Lemma rderiv_locally_affine phi y d b : 0 < d ->
  (forall h, 0 <= h <= d -> phi (y + h) = phi y + b * h) -> rderiv phi y = b.
Proof.
move=> d0 hphi; apply: cvg_lim => //; apply: cvg_near_cst; near=> h.
have h0 : 0 < h by near: h; exact: nbhs_right_gt.
have hd : h < d by near: h; exact: nbhs_right_lt.
by rewrite hphi ?ltW ?hd ?andbT //; field; rewrite gt_eqF.
Unshelve. all: end_near. Qed.

Lemma lderiv_locally_affine phi y d b : 0 < d ->
  (forall h, 0 <= h <= d -> phi (y - h) = phi y - b * h) -> lderiv phi y = b.
Proof.
move=> d0 hphi; apply: cvg_lim => //; apply: cvg_near_cst; near=> h.
have h0 : h < 0 by near: h; exact: nbhs_left_lt.
have hd : - d < h by near: h; apply: nbhs_left_gt; rewrite oppr_lt0.
rewrite -[h in y + h]opprK hphi; first by field; rewrite lt_eqF.
by rewrite oppr_ge0 ltW //= lerNl ltW.
Unshelve. all: end_near. Qed.

(* Convexity compares phi y with the chord from 0 to y + d, on which phi has slope rderiv phi y. *)
Lemma inTheta_le_line phi m : inTheta phi -> inV phi ->
  (forall y, 0 <= y -> rderiv phi y <= m) -> forall y, 0 <= y -> phi y <= phi 0 + m * y.
Proof.
move=> [cv _] hV hm y; rewrite le_eqVlt => /orP[/eqP<-|y0]; first by rewrite mulr0 addr0.
have [d d0 [b hb]] := inV_affine_right hV (ltW y0).
have bm : b <= m by rewrite -(rderiv_locally_affine d0 hb) hm ?ltW.
pose l := d / (y + d).
have yd0 : 0 < y + d by rewrite addr_gt0.
have l01 : 0 <= l <= 1.
  by rewrite /l divr_ge0 ?(ltW d0) ?(ltW yd0) //= ler_pdivrMr // mul1r lerDr ltW.
have := cv 0 (y + d) l (lexx 0) (ltW yd0) l01.
have -> : l * 0 + (1 - l) * (y + d) = y by rewrite /l; field; rewrite gt_eqF.
rewrite hb; last by rewrite lexx ltW.
have -> : l * phi 0 + (1 - l) * (phi y + b * d) =
    (d * phi 0 + y * (phi y + b * d)) / (y + d) by rewrite /l; field; rewrite gt_eqF.
rewrite ler_pdivlMr // => h.
have : d * (phi y - phi 0) <= d * (m * y) by have := ler_wpM2l (ltW y0) bm; nra.
rewrite ler_pM2l //; lra.
Qed.

End piecewise_linear.

Section exp_bound.
Variable R : realType.

(* w is nondecreasing on [0, +oo[ since w' x = x (1 - e^-x) >= 0, and w 0 = 1. *)
Let w (x : R) : R := (1 + x) * expR (- x) + x ^+ 2 / 2.

Let w_derive (x : R) : is_derive x 1 w (x * (1 - expR (- x))).
Proof.
rewrite /w; apply: is_derive_eq.
by rewrite ?scaler0 ?addr0 ?add0r -[x%:A]/(x * 1) /GRing.scale /=; field.
Qed.

Lemma expR_le_taylor2 (b : R) : 0 <= b -> expR b <= 1 + b + b ^+ 2 / 2 * expR b.
Proof.
move=> b0.
have w_cont : {within `[0, +oo[, continuous w}.
  apply: continuous_subspaceT => z; apply: differentiable_continuous.
  by apply/derivable1_diffP; case: (w_derive z).
have w0b : w 0 <= w b.
  apply: (ger0_derive1_ndecry _ _ w_cont) => // z.
  rewrite in_itv /= andbT derive1E => z0; have wz := w_derive z.
  by rewrite derive_val mulr_ge0 ?(ltW z0) // subr_ge0 expR_le1 oppr_le0 ltW.
move: w0b; rewrite /w oppr0 expR0 expr0n /= mul0r addr0 mulr1 addr0 => w1.
rewrite -subr_ge0.
have -> : 1 + b + b ^+ 2 / 2 * expR b - expR b
    = expR b * ((1 + b) * expR (- b) + b ^+ 2 / 2 - 1).
  by rewrite expRN; field; rewrite gt_eqF ?expR_gt0.
by rewrite mulr_ge0 ?expR_ge0 ?subr_ge0.
Qed.
End exp_bound.

Section interval_induction.
Variable R : realType.

Lemma interval_step_ind (P : R -> Prop) (a b d : R) : a <= b -> 0 < d -> P a ->
  (forall t s, a <= t -> t + s <= b -> 0 <= s <= d -> P t -> P (t + s)) -> P b.
Proof.
move=> ab d0 Pa step; pose u k := Num.min (a + k%:R * d) b.
have ua k : a <= u k by rewrite le_min ab lerDl mulr_ge0 // ltW.
have ub k : u k <= b by rewrite ge_min lexx orbT.
have uS k : u k <= u k.+1 <= u k + d.
  rewrite /u -addn1 natrD mulrDl mul1r addrA.
  move: (a + k%:R * d) => c; have d0' := ltW d0.
  by case: (leP c b) => cb; case: (leP (c + d) b) => cdb; apply/andP; split; lra.
have Pu k : P (u k).
  elim: k => [|k IH]; first by rewrite /u mul0r addr0 min_l.
  have /andP[uk1 uk2] := uS k; rewrite -(subrKC (u k) (u k.+1)).
  by apply: step; rewrite ?subrKC // subr_ge0 uk1 /=; lra.
have [k kd] : exists k : nat, (b - a) / d < k%:R.
  exists (Num.Def.archi_bound ((b - a) / d)); apply: archi_boundP.
  by rewrite divr_ge0 ?subr_ge0 // ltW.
suff <- : u k = b by [].
by rewrite /u min_r //; move: kd; rewrite ltr_pdivrMr //; lra.
Qed.

End interval_induction.

Section hinge.
Variable R : realType.
Implicit Types (th : R -> R) (tau t y : R).

Lemma Vtau_ge0 tau y : 0 <= Vtau tau y.
Proof. by rewrite /Vtau le_max lexx orbT. Qed.

Lemma Vtau_le_id tau y : 0 <= tau -> 0 <= y -> Vtau tau y <= y.
Proof. by move=> tau0 y0; rewrite /Vtau ge_max y0 andbT; lra. Qed.

Lemma Vtau_ndecr tau : {homo Vtau tau : a b / a <= b}.
Proof. by move=> a b ab; rewrite /Vtau ge_max !le_max lexx orbT lerD2r ab. Qed.

Lemma Vtau_convex tau a b l : 0 <= l <= 1 ->
  Vtau tau (l * a + (1 - l) * b) <= l * Vtau tau a + (1 - l) * Vtau tau b.
Proof.
move=> /andP[l0 l1]; have l1' : 0 <= 1 - l by rewrite subr_ge0.
rewrite {1}/Vtau ge_max; apply/andP; split; last first.
  by rewrite addr_ge0 // mulr_ge0 ?Vtau_ge0.
have -> : l * a + (1 - l) * b - tau = l * (a - tau) + (1 - l) * (b - tau) by ring.
by rewrite lerD // ler_wpM2l // le_max lexx.
Qed.

Lemma continuous_Vtau tau : continuous (Vtau tau).
Proof.
move=> y; apply: (@continuous_max _ _ (fun y => y - tau) (cst 0)); last exact: cvg_cst.
by apply: continuousB; [exact: cvg_id|exact: cvg_cst].
Qed.

Lemma Vtau_locally_affine tau y : y != tau -> exists c, forall h, 0 <= h <= `|y - tau| ->
  Vtau tau (y + h) = Vtau tau y + c * h /\ Vtau tau (y - h) = Vtau tau y - c * h.
Proof.
move=> yt; case: (ltP tau y) => ty.
  exists 1 => h /andP[h0]; rewrite gtr0_norm ?subr_gt0 // => hy.
  by rewrite /Vtau !max_l ?mul1r; [split; ring|lra..].
have {}ty : y < tau by rewrite lt_neqAle yt ty.
exists 0 => h /andP[h0]; rewrite ltr0_norm ?subr_lt0 // => hy.
by rewrite /Vtau !max_r ?mul0r ?addr0 ?subr0; [|lra..].
Qed.

Definition ray th tau t : R -> R := fun y => th y + t * Vtau tau y.

Lemma ray0 th tau : ray th tau 0 = th.
Proof. by apply/funext => y; rewrite /ray mul0r addr0. Qed.

Lemma rayD th tau t s : ray (ray th tau t) tau s = ray th tau (t + s).
Proof. by apply/funext => y; rewrite /ray mulrDl addrA. Qed.

Lemma inTheta_ray th tau t : inTheta th -> 0 <= t -> inTheta (ray th tau t).
Proof.
move=> [cv mo] t0; split => [a b l a0 b0 l01|a b a0 ab].
  have := ler_wpM2l t0 (Vtau_convex tau a b l01); have := cv a b l a0 b0 l01.
  rewrite /ray; lra.
by rewrite /ray lerD ?mo // ler_wpM2l // Vtau_ndecr.
Qed.

Lemma inV_ray th tau t : inV th -> inV (ray th tau t).
Proof.
move=> [cth [s hs]]; split.
  have cV : {within `[0%R, +oo[%classic, continuous (fun y => t * Vtau tau y)}.
    apply: continuous_subspaceT => z.
    by apply: continuousM; [exact: cvg_cst|exact: continuous_Vtau].
  by move=> z; exact: continuousD (cth z) (cV z).
exists (tau :: s) => a b a0 ab nk.
have [al [be hab]] : exists al be, forall y, a <= y <= b -> th y = al + be * y.
  by apply: hs => // c cs; apply: nk; rewrite inE cs orbT.
case: (leP tau a) => ta.
  exists (al - t * tau), (be + t) => z /andP[az zb].
  by rewrite /ray hab ?az ?zb // /Vtau max_l; [ring|lra].
have bt : b <= tau by rewrite leNgt; apply/negP => tb; apply: (nk tau (mem_head _ _)).
exists al, be => z /andP[az zb].
by rewrite /ray hab ?az ?zb // /Vtau max_r; [ring|lra].
Qed.

(* Away from tau, both one-sided slopes of ray th tau t are those of th
   shifted by the same constant slope of Vtau. *)
Lemma breakpoints_ray th tau t : inV th ->
  breakpoints (ray th tau t) `<=` breakpoints th `|` [set tau].
Proof.
move=> hth y [y0 hne]; case: (eqVneq y tau) => [->|yt]; [by right|left; split=> //].
have [d1 d10 [br hr]] := inV_affine_right hth (ltW y0).
have [d2 d20 [bl hl]] := inV_affine_left hth y0.
have [c hc] := Vtau_locally_affine yt.
pose d := Num.min d1 (Num.min d2 `|y - tau|).
have d0 : 0 < d by rewrite !lt_min d10 d20 normr_gt0 subr_eq0 yt.
have [dd1 dd2 dd3] : [/\ d <= d1, d <= d2 & d <= `|y - tau|].
  by rewrite !ge_min !lexx !orbT.
have Hr h : 0 <= h <= d -> th (y + h) = th y + br * h.
  by move=> /andP[h0 hd]; apply: hr; rewrite h0 (le_trans hd).
have Hl h : 0 <= h <= d -> th (y - h) = th y - bl * h.
  by move=> /andP[h0 hd]; apply: hl; rewrite h0 (le_trans hd).
have Pr h : 0 <= h <= d -> ray th tau t (y + h) = ray th tau t y + (br + t * c) * h.
  move=> /andP[h0 hd]; rewrite /ray Hr ?h0 ?hd //.
  by have [-> _] := hc h (introT andP (conj h0 (le_trans hd dd3))); ring.
have Pl h : 0 <= h <= d -> ray th tau t (y - h) = ray th tau t y - (bl + t * c) * h.
  move=> /andP[h0 hd]; rewrite /ray Hl ?h0 ?hd //.
  by have [_ ->] := hc h (introT andP (conj h0 (le_trans hd dd3))); ring.
move: hne; rewrite (lderiv_locally_affine d0 Pl) (rderiv_locally_affine d0 Pr).
rewrite (lderiv_locally_affine d0 Hl) (rderiv_locally_affine d0 Hr).
by move=> hne e; apply: hne; rewrite e.
Qed.

Lemma Pint_ray n x th tau t :
  Pint n x (ray th tau t) = Pint n x th + t * Pint n x (Vtau tau).
Proof. by rewrite /Pint /ray big_split /= -mulr_sumr; ring. Qed.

# # # # #

Out of the entries, pull every line that mentions "subrKC".

  have /andP[uk1 uk2] := uS k; rewrite -(subrKC (u k) (u k.+1)).
  by apply: step; rewrite ?subrKC // subr_ge0 uk1 /=; lra.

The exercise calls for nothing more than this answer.